Task prompt: Copy, exactly and without additions, every line in the records below from the one holding "- by rewrite msym; apply: sep_singleton_adj (separation_swap" through the one holding "(exists x y : V, two_vertex_cut m x y) ->", both ends included.

Data records section start

(* Let $r\geq 3$. If a $2$-connected $r$-graph $G$ has a $2$-vertex-cut, then either $G$ has a non-trivial tight edge-cut or the underlying simple graph $G_s$ is a circuit of length $4$.
   Context: Graphs are finite, may have parallel edges but no loops. $\partial_G(X)$ is the set of edges with exactly one end in $X\subseteq V(G)$. An $r$-graph is an $r$-regular graph $G$ with $|\partial_G(X)|\geq r$ for every $X\subseteq V(G)$ of odd cardinality. An edge-cut $\partial_G(X)$ of an $r$-graph $G$ is a non-trivial tight edge-cut if $|X|$ is odd, $|\partial_G(X)|=r$, and $|X|>1$ and $|V(G)\setminus X|>1$. $G_s$ is the underlying simple graph of $G$. A $2$-vertex-cut is a set of $2$ vertices whose removal increases the number of components. *)

(* A loopless multigraph on a finite vertex type V is encoded
   by its multiplicity function m : V -> V -> nat (m u v = number of parallel
   edges between u and v), symmetric and zero on the diagonal. *)
From mathcomp Require Import all_boot.
Set Implicit Arguments. Unset Strict Implicit. Unset Printing Implicit Defensive.

Section Graphs.
Variable V : finType.
Implicit Types (m : V -> V -> nat) (X S : {set V}).

Definition multigraph m := (forall u v, m u v = m v u) /\ (forall v, m v v = 0).

Definition deg m v := \sum_(u : V) m v u.

Definition cut m X := \sum_(u in X) \sum_(v in ~: X) m u v.

Definition r_graph (r : nat) m :=
  (forall v, deg m v = r) /\ (forall X, odd #|X| -> r <= cut m X).

Definition adj m : rel V := fun u v => 0 < m u v.

Definition restr m S : rel V := fun u v => [&& u \in S, v \in S & adj m u v].

Definition connected_on m S :=
  forall x y, x \in S -> y \in S -> connect (restr m S) x y.

Definition ncomp m S :=
  #|[set [set y in S | connect (restr m S) x y] | x in S]|.

Definition two_connected m :=
  [/\ 3 <= #|V|, connected_on m [set: V] &
      forall v, connected_on m (~: [set v])].

Definition two_vertex_cut m x y :=
  x != y /\ ncomp m [set: V] < ncomp m (~: [set x; y]).

Definition nontrivial_tight_cut (r : nat) m X :=
  [/\ odd #|X|, cut m X = r, 1 < #|X| & 1 < #|~: X|].

Definition simple_C4 m :=
  exists a b c d : V,
    [/\ uniq [:: a; b; c; d], (forall v, v \in [:: a; b; c; d]) &
        forall u v, adj m u v =
          ((u, v) \in [:: (a, b); (b, a); (b, c); (c, b);
                          (c, d); (d, c); (d, a); (a, d)])].
End Graphs.

From mathcomp Require Import all_boot zify.
Set Implicit Arguments. Unset Strict Implicit. Unset Printing Implicit Defensive.

(* Let {x, y} be a 2-vertex-cut, A a component of G - x - y and B the rest of
   G - x - y, so that no edge joins A and B, and write e(z, S) for the number
   of edges from z to S. Then deg x + deg y = 2r reads
   e(x,A) + e(y,A) + e(x,B) + e(y,B) + 2 m(x,y) = 2r, and since |V(G)| is even
   |A| and |B| have the same parity.
   If both are odd, the odd cuts of A and B have sizes e(x,A) + e(y,A) and
   e(x,B) + e(y,B), both at least r; hence both equal r and m(x,y) = 0. One of
   them is non-trivial unless A = {a} and B = {b}, and then 2-connectivity
   forces a and b to be adjacent to both x and y, so G_s is the circuit a x b y.
   If both are even, A + x and A + y are odd, and their cuts add up to
   deg x + deg y = 2r, so the cut of A + x is tight; it is non-trivial because
   A and B are non-empty. *)

Lemma connect_exists_step (T : finType) (e : rel T) p q :
  connect e p q -> p != q -> exists v, e p v.
Proof.
move=> /connectP [[|v s] /= pth ->]; first by rewrite eqxx.
by case/andP: pth => epv _ _; exists v.
Qed.

Section Separation.
Variable V : finType.
Variable m : V -> V -> nat.
Hypothesis msym : forall u v, m u v = m v u.
Implicit Types (x y z : V) (A B S : {set V}).

Definition deg_in z S := \sum_(v in S) m z v.

Definition separation x y A B :=
  [/\ x != y, x \notin B, y \notin B, ~: A = x |: (y |: B)
    & {in A & B, forall u v, m u v = 0}].

Lemma separation_swap x y A B : separation x y A B -> separation y x A B.
Proof. by case=> xy xB yB defA noAB; split; rewrite 1?eq_sym // setUCA. Qed.

Lemma separation_notin x y A B :
  separation x y A B -> x \notin A /\ y \notin A.
Proof.
case=> _ _ _ defA _.
by rewrite -!in_setC defA !inE !eqxx orbT.
Qed.

Lemma separation_sym x y A B : separation x y A B -> separation x y B A.
Proof.
move=> sep; have [xA yA] := separation_notin sep.
case: sep => xy xB yB defA noAB; split => //; last first.
  by move=> u v uB vA; rewrite msym noAB.
apply/setP => v; move/setP/(_ v): defA; rewrite !inE.
have [->|vx] := eqVneq v x; first by rewrite (negbTE xA) (negbTE xB).
have [->|vy] := eqVneq v y; first by rewrite (negbTE yA) (negbTE yB).
by rewrite /= => <-; rewrite negbK.
Qed.

Lemma two_vertex_cut_separation x y : two_vertex_cut m x y ->
  exists A B, [/\ separation x y A B, A != set0 & B != set0].
Proof.
case=> xy; set S := ~: [set x; y] => ncompS.
have inS z : (z \in S) = (z != x) && (z != y) by rewrite !inE negb_or.
clearbody S.
have restr_sym : symmetric (restr m S).
  by move=> u v; rewrite /restr /adj msym andbCA.
have : 1 < ncomp m S.
  apply: leq_ltn_trans ncompS; apply/card_gt0P.
  exists [set z in [set: V] | connect (restr m setT) x z].
  by apply/imsetP; exists x.
case/card_gt1P=> _ [_ [/imsetP[a aS ->] /imsetP[b bS ->] comp_ab]].
have nab : ~~ connect (restr m S) a b.
  apply: contra comp_ab => cab; apply/eqP/setP => z.
  by rewrite !inE (same_connect (sym_connect_sym restr_sym) cab).
pose A := [set z in S | connect (restr m S) a z].
exists A, (S :\: A); split.
- split => //; try by rewrite !inE inS eqxx ?andbF.
    apply/setP => v; rewrite !inE inS.
    by case: (v == x); case: (v == y); case: (connect _ a v).
  move=> u v; rewrite !inE => /andP[uS au] /andP[+ vS]; rewrite vS /= => nav.
  apply/eqP; rewrite eqn0Ngt; apply: contra nav => muv.
  by apply: connect_trans au (connect1 _); rewrite /restr uS vS /adj muv.
- by apply/set0Pn; exists a; rewrite inE aS connect0.
- by apply/set0Pn; exists b; rewrite !inE bS nab.
Qed.

Section Counting.
Variables (x y : V) (A B : {set V}).
Hypothesis sep : separation x y A B.

Lemma setC_setU1_sep : ~: (x |: A) = y |: B.
Proof.
case: sep => xy xB yB defA _.
apply/setP => v; move/setP/(_ v): defA; rewrite !inE negb_or => ->.
by have [->|] := eqVneq v x; rewrite ?(negbTE xB) ?(negbTE xy).
Qed.

Lemma big_setC_sep (f : V -> nat) :
  \sum_(v in ~: A) f v = f x + f y + \sum_(v in B) f v.
Proof.
case: sep => xy xB yB defA _.
by rewrite defA !big_setU1 /= ?addnA // !inE negb_or xy.
Qed.

Lemma card_sep : #|A| + #|B| + 2 = #|V|.
Proof.
case: sep => xy xB yB defA _.
by rewrite -(cardsC A) defA !cardsU1 !inE negb_or xy xB yB /=; lia.
Qed.

Lemma cut_sep : cut m A = deg_in x A + deg_in y A.
Proof.
case: (sep) => _ _ _ _ noAB.
rewrite /cut /deg_in -big_split /=; apply: eq_bigr => u uA.
by rewrite big_setC_sep big1 ?addn0 ?(msym x) ?(msym y) // => v; apply: noAB.
Qed.

Lemma cut_setU1_sep : cut m (x |: A) = m x y + deg_in x B + deg_in y A.
Proof.
have [xA _] := separation_notin sep; case: (sep) => _ _ yB _ noAB.
rewrite /cut /deg_in big_setU1 //= setC_setU1_sep big_setU1 //=.
congr (_ + _); apply: eq_bigr => u uA.
by rewrite big_setU1 //= big1 ?addn0 1?msym // => v; apply: noAB.
Qed.

Lemma deg_sep : m x x = 0 -> deg m x = deg_in x A + m x y + deg_in x B.
Proof.
move=> mxx; rewrite /deg /deg_in (bigID (mem A)) /=.
rewrite [X in _ + X](eq_bigl (mem (~: A))); last by move=> v /=; rewrite !inE.
by rewrite big_setC_sep mxx addnA.
Qed.

End Counting.

Hypothesis mloop : forall v, m v v = 0.

Lemma simple_C4_cycle a b c d :
  uniq [:: a; b; c; d] -> (forall v, v \in [:: a; b; c; d]) ->
  0 < m a b -> 0 < m b c -> 0 < m c d -> 0 < m d a ->
  m a c = 0 -> m b d = 0 -> simple_C4 m.
Proof.
move=> abcd cover mab mbc mcd mda mac mbd; exists a, b, c, d; split => // u v.
move: abcd; rewrite /= !inE !negb_or.
case/and4P=> /and3P[ab ac ad] /andP[bc bd] cd _.
move: (cover u) (cover v); rewrite !inE.
case/or4P=> /eqP-> /or4P[]/eqP->;
  rewrite /adj !xpair_eqE !eqxx ?mloop /= ?(eq_sym b a) ?(eq_sym c a)
    ?(eq_sym d a) ?(eq_sym c b) ?(eq_sym d b) ?(eq_sym d c)
    ?(negbTE ab) ?(negbTE ac) ?(negbTE ad) ?(negbTE bc) ?(negbTE bd)
    ?(negbTE cd) ?(msym b a) ?(msym c b) ?(msym d c) ?(msym a d)
    ?(msym c a) ?(msym d b) ?mac ?mbd //=.
Qed.

Lemma sep_singleton_adj x y a B b :
  separation x y [set a] B -> b \in B -> connected_on m (~: [set y]) ->
  0 < m a x.
Proof.
case=> _ xB yB defA noAB bB con.
have bNa : b \in ~: [set a] by rewrite defA !inE bB !orbT.
have aNy : a \in ~: [set y].
  by rewrite !inE eq_sym -in_set1 -in_setC defA !inE eqxx orbT.
have bNy : b \in ~: [set y] by rewrite !inE; apply: contraNneq yB => <-.
have [v] : exists v, restr m (~: [set y]) a v.
  apply: connect_exists_step (con a b aNy bNy) _.
  by rewrite eq_sym -in_set1 -in_setC.
rewrite /restr /adj !inE => /and3P[_ vy mav].
have : v \in ~: [set a].
  by rewrite !inE; apply: contraTneq mav => ->; rewrite mloop.
rewrite defA !inE (negbTE vy) /=; case/orP=> [/eqP<- //|vB].
by rewrite noAB ?inE in mav.
Qed.

Section RGraph.
Variable r : nat.
Hypothesis rg : r_graph r m.

Lemma r_graph_card_even : 0 < r -> ~~ odd #|V|.
Proof.
move=> r_gt0; apply/negP => oddV.
have cutT : cut m setT = 0.
  by rewrite /cut setCT; apply: big1 => u _; rewrite big_set0.
by have := rg.2 setT; rewrite cardsT cutT => /(_ oddV); rewrite leqNgt r_gt0.
Qed.

Lemma sep_odd_tight x y A B : separation x y A B -> odd #|A| -> odd #|B| ->
  [/\ m x y = 0, cut m A = r & cut m B = r].
Proof.
move=> sep oA oB; have := rg.2 A oA; have := rg.2 B oB.
have := rg.1 x; have := rg.1 y.
rewrite (cut_sep sep) (cut_sep (separation_sym sep)).
rewrite (deg_sep sep (mloop x)) (deg_sep (separation_swap sep) (mloop y)).
rewrite (msym y).
move=> *; split; lia.
Qed.

Lemma sep_even_tight x y A B : separation x y A B -> ~~ odd #|A| ->
  cut m (x |: A) = r.
Proof.
move=> sep eA; have [xA yA] := separation_notin sep.
have := rg.2 (x |: A); have := rg.2 (y |: A).
rewrite !cardsU1 xA yA /= (negbTE eA) => /(_ isT) + /(_ isT).
have := rg.1 x; have := rg.1 y.
rewrite (cut_setU1_sep sep) (cut_setU1_sep (separation_swap sep)).
rewrite (deg_sep sep (mloop x)) (deg_sep (separation_swap sep) (mloop y)).
rewrite (msym y).
lia.
Qed.

Lemma sep_singletons_C4 x y a b :
  separation x y [set a] [set b] -> m x y = 0 ->
  (forall z, connected_on m (~: [set z])) -> simple_C4 m.
Proof.
move=> sep mxy con; have sepB := separation_sym sep.
have a_b : a \in [set a] /\ b \in [set b] by rewrite !inE.
case: (sep) => xy xb yb defA noAB.
apply: (@simple_C4_cycle a x b y).
- have : [/\ x \in ~: [set a], y \in ~: [set a] & b \in ~: [set a]].
    by rewrite defA !inE !eqxx !orbT.
  rewrite !inE in xb yb *; case=> xa ya ba.
  by rewrite /= !inE !negb_or !(eq_sym a) (eq_sym b y) xa ya ba xb yb xy.
- move=> v; have : (v \in [set a]) || (v \in ~: [set a]).
    by rewrite in_setC orbN.
  by rewrite defA !inE => /orP[->|/or3P[]->]; rewrite ?orbT.
- exact: sep_singleton_adj sep a_b.2 (con y).
- by rewrite msym; apply: sep_singleton_adj sepB a_b.1 (con y).
- exact: sep_singleton_adj (separation_swap sepB) a_b.1 (con x).
- by rewrite msym; apply: sep_singleton_adj (separation_swap sep) a_b.2 (con x).
- by apply: noAB; rewrite inE.
- exact: mxy.
Qed.

Lemma sep_tight_or_C4 x y A B :
  0 < r -> (forall z, connected_on m (~: [set z])) ->
  separation x y A B -> A != set0 -> B != set0 ->
  (exists X, nontrivial_tight_cut r m X) \/ simple_C4 m.
Proof.
move=> r_gt0 con sep; rewrite -!card_gt0 => A_gt0 B_gt0.
have [xA _] := separation_notin sep.
have cardV := card_sep sep; have cardCA := cardsC A; have cardCB := cardsC B.
have parity : odd #|A| = odd #|B|.
  have := r_graph_card_even r_gt0.
  by rewrite -cardV !oddD; case: (odd #|A|); case: (odd #|B|).
case oA : (odd #|A|); last first.
  left; exists (x |: A); split.
  - by rewrite cardsU1 xA /= oA.
  - by rewrite (sep_even_tight sep) ?oA.
  - by rewrite cardsU1 xA; lia.
  - have [_ yB] := separation_notin (separation_sym sep).
    by rewrite (setC_setU1_sep sep) cardsU1 yB; lia.
have oB : odd #|B| by rewrite -parity.
have [mxy cutA cutB] := sep_odd_tight sep oA oB.
have [A_gt1|A_le1] := ltnP 1 #|A|; first by left; exists A; split => //; lia.
have [B_gt1|B_le1] := ltnP 1 #|B|; first by left; exists B; split => //; lia.
have /cards1P[a defA] : #|A| == 1 by rewrite eqn_leq A_le1.
have /cards1P[b defB] : #|B| == 1 by rewrite eqn_leq B_le1.
by right; rewrite defA defB in sep; apply: sep_singletons_C4 sep mxy con.
Qed.

End RGraph.
End Separation.

Theorem lemma2p5 (r : nat) (V : finType) (m : V -> V -> nat) :
  3 <= r -> multigraph m -> r_graph r m -> two_connected m ->
  (exists x y : V, two_vertex_cut m x y) ->
  (exists X : {set V}, nontrivial_tight_cut r m X) \/ simple_C4 m.
Proof.
move=> r_ge3 [msym mloop] rg [_ _ con] [x [y cut_xy]].
have [A [B [sep A0 B0]]] := two_vertex_cut_separation msym cut_xy.
apply: (sep_tight_or_C4 msym mloop rg _ con sep A0 B0).
exact: leq_trans r_ge3.
Qed.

Data records section end

Solution to the problem:
- by rewrite msym; apply: sep_singleton_adj (separation_swap sep) a_b.2 (con x).
- by apply: noAB; rewrite inE.
- exact: mxy.
Qed.

Lemma sep_tight_or_C4 x y A B :
  0 < r -> (forall z, connected_on m (~: [set z])) ->
  separation x y A B -> A != set0 -> B != set0 ->
  (exists X, nontrivial_tight_cut r m X) \/ simple_C4 m.
Proof.
move=> r_gt0 con sep; rewrite -!card_gt0 => A_gt0 B_gt0.
have [xA _] := separation_notin sep.
have cardV := card_sep sep; have cardCA := cardsC A; have cardCB := cardsC B.
have parity : odd #|A| = odd #|B|.
  have := r_graph_card_even r_gt0.
  by rewrite -cardV !oddD; case: (odd #|A|); case: (odd #|B|).
case oA : (odd #|A|); last first.
  left; exists (x |: A); split.
  - by rewrite cardsU1 xA /= oA.
  - by rewrite (sep_even_tight sep) ?oA.
  - by rewrite cardsU1 xA; lia.
  - have [_ yB] := separation_notin (separation_sym sep).
    by rewrite (setC_setU1_sep sep) cardsU1 yB; lia.
have oB : odd #|B| by rewrite -parity.
have [mxy cutA cutB] := sep_odd_tight sep oA oB.
have [A_gt1|A_le1] := ltnP 1 #|A|; first by left; exists A; split => //; lia.
have [B_gt1|B_le1] := ltnP 1 #|B|; first by left; exists B; split => //; lia.
have /cards1P[a defA] : #|A| == 1 by rewrite eqn_leq A_le1.
have /cards1P[b defB] : #|B| == 1 by rewrite eqn_leq B_le1.
by right; rewrite defA defB in sep; apply: sep_singletons_C4 sep mxy con.
Qed.

End RGraph.
End Separation.

Theorem lemma2p5 (r : nat) (V : finType) (m : V -> V -> nat) :
  3 <= r -> multigraph m -> r_graph r m -> two_connected m ->
  (exists x y : V, two_vertex_cut m x y) ->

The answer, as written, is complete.